I've used a quad-tree in a larger project, which is good for game objects that don't move much (less removals & re-insertions). The same principle applies for octrees.
The basic Idea Is, you create a recursive tree structure, which stores 4(for quad), or 8(oct) child objects of the same type as the tree root. Each node in the tree represents a section of Cartesian space, for example, -100 -> +100 on each applicable axis. each child represents that same space, but subdivided by half (an immediate child of the example would represent, for example, -100->0 on X axis, and -100->0 on Y axis).
Imagine a square, or plane, with a given set of dimensions. Now draw a line through the centre on each axis, dividing that plane into 4 smaller planes. Now take one of them and do It again, and again, until you reach a point when the size of the plane segment Is roughly the size of a game object. Now you have your tree. Only objects occupying the same plane, can possibly collide. When you have determined which objects can collide, You generate pairs of possible collisions from them. At this stage, broadphase Is complete, and you can move onto narrow phase collision detection, which Is where your more precise, and expensive calculations are.
The purpose of Broadphase, Is to use inexpensive calculations to generate possible collisions, and cull out contacts that cannot occur, thus reducing the work your narrow phase algorithm has to perform, In turn, making your entire collision detection algorithm more efficient.
So before you go ahead and attempt to implement such an algorithm, as yourself:
How many objects are in my game?
If there are a lot, I probably need a broadphase. If not, then the Nnarrowphase should suffice.
Also, am I dealing with many moving objects?
Tree structures generally are slowed down by moving objects, as they can change their position in the tree over time, simply by moving. This requires that objects be removed and reinserted each frame (potentially), which is less than Ideal.
If this is the case, you would be better off with Sweep and Prune, which maintains min/max heaps of the extents of the shapes in your world. Objects do not need to be reinserted, but the heaps need to be resorted each frame, thought this is generally faster than a tree wide, traversal with removals and reinsertions.
Depending on your coding experience, one may be more complicated to code over another.

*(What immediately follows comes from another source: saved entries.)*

Lemma mulmx_trmx_eq0 a b (X : 'M[R]_(a, b)) : X *m X^T = 0 -> X = 0.
Proof.
move=> XX0; apply/row_matrixP => i; rewrite row0; apply: sqn_eq0.
have -> : sqn (row i X) = (X *m X^T) i i.
  by rewrite mxE; apply: eq_bigr => j _; rewrite !mxE.
by rewrite XX0 mxE.
Qed.

Lemma submx_mul_trmx_eq0 c r (A : 'M[R]_(r, c)) (v : 'rV[R]_c) :
  (v <= A)%MS -> v *m A^T = 0 -> v = 0.
Proof.
move=> /submxP [u ->] uAA0; apply: mulmx_trmx_eq0.
by rewrite trmx_mul mulmxA uAA0 mul0mx.
Qed.

(* [A A^T] and [A^T] have the same column space, since their kernels coincide. *)
Lemma submx_trmx_preimage c r (A : 'M[R]_(r, c)) (x : 'rV[R]_c) :
  exists2 d : 'rV[R]_c, (d <= A)%MS & d *m A^T = x *m A^T.
Proof.
have sub_AAt : (A *m A^T <= A^T)%MS by apply: submxMl.
have ker_AAt : (kermx (A *m A^T) <= kermx A)%MS.
  apply/sub_kermxP; apply: mulmx_trmx_eq0.
  have /sub_kermxP h := submx_refl (kermx (A *m A^T)).
  by rewrite trmx_mul mulmxA -(mulmxA _ A) h mul0mx.
have rk : (\rank A^T <= \rank (A *m A^T))%N.
  have := mxrankS ker_AAt; rewrite !mxrank_ker mxrank_tr.
  have := rank_leq_row A; have := rank_leq_row (A *m A^T); lia.
have /eqmxP eqAAt : (A *m A^T == A^T)%MS.
  by have := mxrank_leqif_eq sub_AAt => /leqifP; case: ifP => // _; rewrite ltnNge rk.
have /submxP [u xAt] : (x *m A^T <= A *m A^T)%MS by rewrite eqAAt submxMl.
by exists (u *m A); [exact: submxMl | rewrite xAt mulmxA].
Qed.

End RowGeometry.

Section SmallestSingularValue.
Variable R : realType.

Lemma continuous_sum (T : topologicalType) (I : Type) (s : seq I) (P : pred I)
    (F : I -> T -> R) :
  (forall i, continuous (F i)) -> continuous (fun x => \sum_(i <- s | P i) F i x).
Proof.
move=> F_cont; elim: s => [|a s IHs].
  have -> : (fun x => \sum_(i <- [::] | P i) F i x) = fun=> 0.
    by apply: funext => x; rewrite big_nil.
  exact: cst_continuous.
have -> : (fun x => \sum_(i <- a :: s | P i) F i x) =
    fun x => (if P a then F a x else 0) + \sum_(i <- s | P i) F i x.
  by apply: funext => x; rewrite big_cons; case: (P a); rewrite ?add0r.
move=> x; apply: continuousD; last exact: IHs.
by case: (P a); [exact: F_cont | exact: cst_continuous].
Qed.

Lemma continuous_sqn_mulmx c k (N : 'M[R]_(c, k)) :
  continuous (fun v : 'rV[R]_c => sqn (v *m N)).
Proof.
have coord_cont j : continuous (fun v : 'rV[R]_c => (v *m N) 0 j).
  have -> : (fun v : 'rV[R]_c => (v *m N) 0 j) = fun v => \sum_(i < c) v 0 i * N i j.
    by apply: funext => v; rewrite mxE.
  apply: continuous_sum => i x; apply: continuousM; first exact: coord_continuous.
  exact: cst_continuous.
by apply: continuous_sum => j x; apply: continuousM; apply: coord_cont.
Qed.

Definition row_sphere c r (A : 'M[R]_(r, c)) :=
  [set v : 'rV[R]_c | (v <= A)%MS /\ sqn v = 1].

(* The sphere is the zero set of the continuous map [v |-> |v P|^2 + (|v|^2 - 1)^2],
   where [P = cokermx A] annihilates exactly the row space of [A]. *)
Lemma row_sphere_compact c r (A : 'M[R]_(r, c)) : compact (row_sphere A).
Proof.
apply: bounded_closed_compact.
  rewrite /= /bounded_near.
  apply: filterS (nbhs_pinfty_ge (r := 1) (num_real 1)) => M M1 v [_ v1].
  rewrite /= [X in X <= _]/Num.norm /= mx_normrE; apply: bigmax_le; first exact: le_trans M1.
  move=> [i j] _ /=; apply: le_trans M1.
  have := coord_le_sqn v j; rewrite v1 (ord1 i) => h.
  by have [ge|lt] := lerP 0 (v 0 j); [rewrite ger0_norm // | rewrite ltr0_norm //]; nra.
have -> : row_sphere A = (fun v => sqn (v *m cokermx A) + (sqn (v *m 1%:M) - 1) ^+ 2)
    @^-1` [set x | x = 0].
  apply/seteqP; split => v /=.
    move=> [vA v1]; move: vA; rewrite submxE => /eqP ->.
    by rewrite mulmx1 v1 subrr expr0n /= addr0 sqn0.
  move/eqP; rewrite paddr_eq0 ?sqn_ge0 ?sqr_ge0 // => /andP [/eqP vP].
  rewrite sqrf_eq0 subr_eq0 mulmx1 => /eqP v1; split => //.
  by rewrite submxE (sqn_eq0 vP).
apply: preimage_closed; last exact: closed_eq.
move=> v _; apply: (continuousD (f := fun w : 'rV[R]_c => sqn (w *m cokermx A))
  (g := fun w : 'rV[R]_c => (sqn (w *m 1%:M) - 1) ^+ 2)); first exact: continuous_sqn_mulmx.
have -> : (fun w : 'rV[R]_c => (sqn (w *m 1%:M) - 1) ^+ 2) =
    (fun w => sqn (w *m 1%:M) - 1) \* (fun w => sqn (w *m 1%:M) - 1).
  by apply: funext => w /=; rewrite expr2.
have sphere_eq_cont : continuous (fun w : 'rV[R]_c => sqn (w *m 1%:M) - 1).
  by move=> w; apply: (continuousB (f := fun w : 'rV[R]_c => sqn (w *m 1%:M)) (g := fun=> 1));
    [exact: continuous_sqn_mulmx | exact: cst_continuous].
by apply: continuousM; apply: sphere_eq_cont.
Qed.
(* Let $i\ge1$. Then $\tilde\Delta^{i-1}\circ F_i$ is the identity of $Prim({\cal H}_R)^{\otimes i}$, and $\tilde\Delta^{k}\circ F_i=0$ for every $k>i-1$. Moreover $F_i$ is injective, and the sum $\mathbb{Q}1+\sum_{i=1}^{\infty}Im(F_i)$ is direct.
   Context: A rooted tree is a finite connected and simply connected graph with a distinguished vertex (the root), edges oriented away from the root; its weight is its number of vertices. ${\cal H}_R$ is the commutative polynomial algebra over $\mathbb{Q}$ on the isomorphism classes of rooted trees; monomials are forests ($1$ is the empty forest), the weight of a forest is its total number of vertices. An admissible cut $C$ of a tree $t$ is a nonempty set of edges such that every path from the root to a vertex contains at most one edge of $C$; removing them gives a forest in which $R^C(t)$ is the tree containing the root and $P^C(t)$ the product of the others. ${\cal H}_R$ is a Hopf algebra with coproduct the algebra morphism $\Delta$ with $\Delta(t)=1\otimes t+t\otimes1+\sum_C P^C(t)\otimes R^C(t)$ on trees, unit $\eta$ and counit $\varepsilon$ ($\varepsilon(1)=1$, $\varepsilon(t)=0$ on trees). $\tilde\Delta(x):=\Delta(x)-1\otimes x-x\otimes1$; $Prim({\cal H}_R)=\ker\tilde\Delta$. Set $\tilde\Delta^0=Id-\eta\circ\varepsilon$, $\tilde\Delta^1=\tilde\Delta$, $\tilde\Delta^k=(\tilde\Delta^{k-1}\otimes Id)\circ\tilde\Delta$, a map ${\cal H}_R\to{\cal H}_R^{\otimes(k+1)}$. For forests $M,N$: $M\top N=0$ if $N=1$, and otherwise $M\top N=\frac{1}{weight(N)}\sum_v N_v$, where $v$ runs over vertices of $N$ and $N_v$ is obtained from $N$ by attaching every tree of $M$ to $v$ (an edge from $v$ to each root of $M$); extended bilinearly. $p_i\top\cdots\top p_1:=(p_i\top\cdots\top p_2)\top p_1$. $F_i:Prim({\cal H}_R)^{\otimes i}\to{\cal H}_R$ is the linear map with $F_i(p_i\otimes\cdots\otimes p_1)=p_i\top\cdots\top p_1$. *)

(* Connes-Kreimer Hopf algebra of rooted trees H_R over Q,
   modelled by formal finite linear combinations over explicit bases. *)
From HB Require Import structures.
From mathcomp Require Import all_boot all_order all_algebra.
Set Implicit Arguments.
Unset Strict Implicit.
Unset Printing Implicit Defensive.
Import Order.TTheory GRing.Theory Num.Theory.

(* The order of children is irrelevant: isomorphism classes are handled *)
(* through the canonical form [canon] below.                           *)
Inductive rtree := RNode of seq rtree.

Fixpoint rtree_enc (t : rtree) : GenTree.tree unit :=
  let: RNode ts := t in GenTree.Node 0 (map rtree_enc ts).

Fixpoint rtree_dec (g : GenTree.tree unit) : rtree :=
  match g with
  | GenTree.Leaf _ => RNode [::]
  | GenTree.Node _ gs => RNode (map rtree_dec gs)
  end.

Lemma rtree_encK_aux : forall t, rtree_dec (rtree_enc t) = t.
Proof.
fix IH 1; case=> ts /=; congr RNode; elim: ts => //= t ts IHts.
by rewrite IH IHts.
Qed.

Lemma rtree_encK : cancel rtree_enc rtree_dec.
Proof. exact: rtree_encK_aux. Qed.

HB.instance Definition _ := Countable.copy rtree (can_type rtree_encK).

Definition leaf : rtree := RNode [::].

Fixpoint weight (t : rtree) : nat :=
  let: RNode ts := t in (sumn (map weight ts)).+1.

Definition tle (a b : rtree) : bool := (pickle a <= pickle b)%N.

Fixpoint canon (t : rtree) : rtree :=
  let: RNode ts := t in RNode (sort tle (map canon ts)).

(* Forests = monomials of H_R (the empty forest is 1). *)
Definition forest := seq rtree.
Definition fcanon (f : forest) : forest := sort tle (map canon f).
Definition fweight (f : forest) : nat := sumn (map weight f).

(* Vertices are addressed by paths from the root ([::] = the root,
   i :: p = vertex p inside the i-th subtree of the root).  An edge is
   identified with its endpoint farthest from the root (a non-root vertex). *)
Fixpoint vertices (t : rtree) : seq (seq nat) :=
  let: RNode ts := t in
  [::] :: (fix aux (i : nat) (us : seq rtree) : seq (seq nat) :=
             match us with
             | [::] => [::]
             | u :: us' => map (cons i) (vertices u) ++ aux i.+1 us'
             end) 0%N ts.

Definition edges (t : rtree) : seq (seq nat) :=
  [seq v <- vertices t | v != [::]].

Fixpoint subtree (t : rtree) (p : seq nat) : rtree :=
  match p with
  | [::] => t
  | i :: p' => let: RNode ts := t in subtree (nth leaf ts i) p'
  end.

(* the tree containing the root after removing the edges of C *)
Fixpoint prune (t : rtree) (C : seq (seq nat)) : rtree :=
  let: RNode ts := t in
  RNode ((fix aux (i : nat) (us : seq rtree) : seq rtree :=
            match us with
            | [::] => [::]
            | u :: us' =>
                if [:: i] \in C then aux i.+1 us'
                else prune u [seq behead c | c <- C & (c != [::]) && (head 0%N c == i)]
                       :: aux i.+1 us'
            end) 0%N ts).

Fixpoint subseqs (T : Type) (s : seq T) : seq (seq T) :=
  match s with
  | [::] => [:: [::]]
  | x :: s' => let r := subseqs s' in map (cons x) r ++ r
  end.

(* An admissible cut: a nonempty set C of edges such that every path from
   the root to a vertex v contains at most one edge of C (the edges on that
   path are exactly the non-root prefixes of v). *)
Definition admissible (t : rtree) (C : seq (seq nat)) : bool :=
  [&& C != [::], all (fun c => c \in edges t) C, uniq C &
      all (fun v => (count (fun c => prefix c v) C <= 1)%N) (vertices t)].

Definition adm_cuts (t : rtree) : seq (seq (seq nat)) :=
  [seq C <- subseqs (edges t) | admissible t C].

Definition PC (t : rtree) (C : seq (seq nat)) : forest := [seq subtree t c | c <- C].
Definition RC (t : rtree) (C : seq (seq nat)) : rtree := prune t C.

(* H  = elements of H_R : combinations of forests.                      *)
(* HT = elements of tensor powers H_R^{(x) k}: combinations of k-lists   *)
(*      of forests [:: a_1; ...; a_k] standing for a_1 (x) ... (x) a_k.  *)
Local Open Scope ring_scope.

Personally I have found trees to be more intuitive to code, but less efficient, and more prone to error, since they raise other issues, such as what to do if you have an object that sits directly on top of an axis, or the centre of the root node. This can be solved by using loose trees, which have some spacial overlap, so that one child node is always prioritised over others when such a case occurs.
If the space that your objects move within is bounded, then you could use a grid to subdivide your objects. Put each object into every grid cell which the object covers (fully or partially). To check if object A collides with any other object, determine which grid cells object A covers, then get the list of unique objects in those cells, and finally test object A against each unique object. This approach works best if most objects are usually contained in a single grid cell.
If your space is not bounded, then you will need to implement some sort of dynamic grid that can grow on demand in each of the four directions (in 2D).
The advantage of this approach over more adaptive algorithsm (i.e. BSP, Quadtree, Circletree) is that the cells can be accessed in O(1) time (i.e. constant time) rather than O(log N) time (i.e. logarithmic time). However these latter algorithms are able to adapt themselves to large variability in the density of objects. The grid approach works best when object density is fairly constant across the space.
I would like to recommend the introductory reference to game physics from Ian Millington, Game Physics Engine Development. It has a great section on broad phase collision detection with sample code.